Since TIs don't fit any other category very well, lets see some TIs.

Here is my 98 Dinan S1 TI Sport with Seattle in the background.


----------



## Greenbeemer (Apr 7, 2003)

Here is my compact... but it's not a ti ... but a 316i ... with lots a off ACS Stuff...


----------



## tgravo2 (Dec 7, 2002)

dinanti - that pic reminds me of this one, I think this guy is from seattle


----------



## Patrick (Dec 23, 2001)

Cool Seattle pics! And BMWs too.

Makes me kinda homesick ...


----------



## triggrhaapi (Mar 7, 2003)

nice SSR GT! rims on ur TI


----------



## dinanti (Jan 15, 2003)

There has to be more than two compacts on this board. Come on guys, let's see some pictures.


----------



## The Roadstergal (Sep 7, 2002)

dinanti said:


> *There has to be more than two compacts on this board. Come on guys, let's see some pictures. *


I'm trying to get one...

Only one non-auto ti in Seattle for sale, and I don't want it. I'm looking in Oregon now.


----------



## FuMa318ti (May 12, 2003)

here is my little bimmer

front


----------



## FuMa318ti (May 12, 2003)

and back


----------



## Christophe (Aug 10, 2002)

Hi Fuma,
Which "Achterruit spoiler " do you have?
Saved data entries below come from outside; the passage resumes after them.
(* Let $X$ be a real Hilbert space, let $U,V$ be closed affine subspaces with $U\cap V=\varnothing$, let $T:=T_{U,V}$ and assume $v:=P_{\overline{\operatorname{ran}}(\mathrm{Id}-T)}0\in\operatorname{ran}(\mathrm{Id}-T)$. Set $\widetilde A:=N_U^{-1}$ and $\widetilde B:=N_V^{-\vee}$. Then $T_{(\widetilde A,\widetilde B)}=T_{U,V}$, and for every $x\in X$, $J_{\widetilde A}T^nx=T^nx-P_UT^nx$ and $\|J_{\widetilde A}T^nx\|\to\infty$.
   Context: For maximally monotone $A,B$: $J_A:=(\mathrm{Id}+A)^{-1}$, $T_{(A,B)}:=\mathrm{Id}-J_A+J_B(2J_A-\mathrm{Id})$; $T_{U,V}:=T_{(N_U,N_V)}=\mathrm{Id}-P_U+P_V(2P_U-\mathrm{Id})$. For an operator $C$, $C^\vee:=(-\mathrm{Id})\circ C\circ(-\mathrm{Id})$ and $C^{-\vee}:=(C^{-1})^\vee$. *)

From Stdlib Require Import Reals Lra ClassicalEpsilon.
Open Scope R_scope.

Record HilbertSpace := {
  carrier :> Type;
  hzero : carrier;
  hadd : carrier -> carrier -> carrier;
  hopp : carrier -> carrier;
  hscal : R -> carrier -> carrier;
  inner : carrier -> carrier -> R;
  hadd_assoc : forall x y z, hadd x (hadd y z) = hadd (hadd x y) z;
  hadd_comm : forall x y, hadd x y = hadd y x;
  hadd_0 : forall x, hadd x hzero = x;
  hadd_opp : forall x, hadd x (hopp x) = hzero;
  hscal_assoc : forall a b x, hscal a (hscal b x) = hscal (a * b) x;
  hscal_1 : forall x, hscal 1 x = x;
  hscal_distr_vec : forall a x y, hscal a (hadd x y) = hadd (hscal a x) (hscal a y);
  hscal_distr_scal : forall a b x, hscal (a + b) x = hadd (hscal a x) (hscal b x);
  inner_sym : forall x y, inner x y = inner y x;
  inner_add_l : forall x y z, inner (hadd x y) z = inner x z + inner y z;
  inner_scal_l : forall a x y, inner (hscal a x) y = a * inner x y;
  inner_nonneg : forall x, 0 <= inner x x;
  inner_def : forall x, inner x x = 0 -> x = hzero;
  hcomplete : forall u : nat -> carrier,
    (forall eps, 0 < eps -> exists N, forall m n, (N <= m)%nat -> (N <= n)%nat ->
       sqrt (inner (hadd (u m) (hopp (u n))) (hadd (u m) (hopp (u n)))) < eps) ->
    exists l, forall eps, 0 < eps -> exists N, forall n, (N <= n)%nat ->
       sqrt (inner (hadd (u n) (hopp l)) (hadd (u n) (hopp l))) < eps
}.

Arguments hzero {h}.
Arguments hadd {h}.
Arguments hopp {h}.
Arguments hscal {h}.
Arguments inner {h}.

Section Ops.
Context {X : HilbertSpace}.

Definition hsub (x y : X) : X := hadd x (hopp y).
Definition norm (x : X) : R := sqrt (inner x x).

Definition hset := X -> Prop.
Definition operator := X -> X -> Prop.   (* A x y  means  y ∈ A x *)

Definition closure (S : hset) : hset :=
  fun x => forall eps, 0 < eps -> exists s, S s /\ norm (hsub x s) < eps.
Definition is_closed (S : hset) : Prop := forall x, closure S x -> S x.

Definition is_affine (S : hset) : Prop :=
  (exists s, S s) /\
  forall x y (l : R), S x -> S y -> S (hadd (hscal (1 - l) x) (hscal l y)).
Definition is_closed_affine (S : hset) : Prop := is_affine S /\ is_closed S.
Do you have the factory third brake light?

greetz from belgium


----------



## FuMa318ti (May 12, 2003)

It's a roofspoiler from Rieger, and no I don't have the factory third brakelight. If you come to the meeting in Sterrebeek this weekend, you have the chance to visit me and my car (if the weather's fine)


----------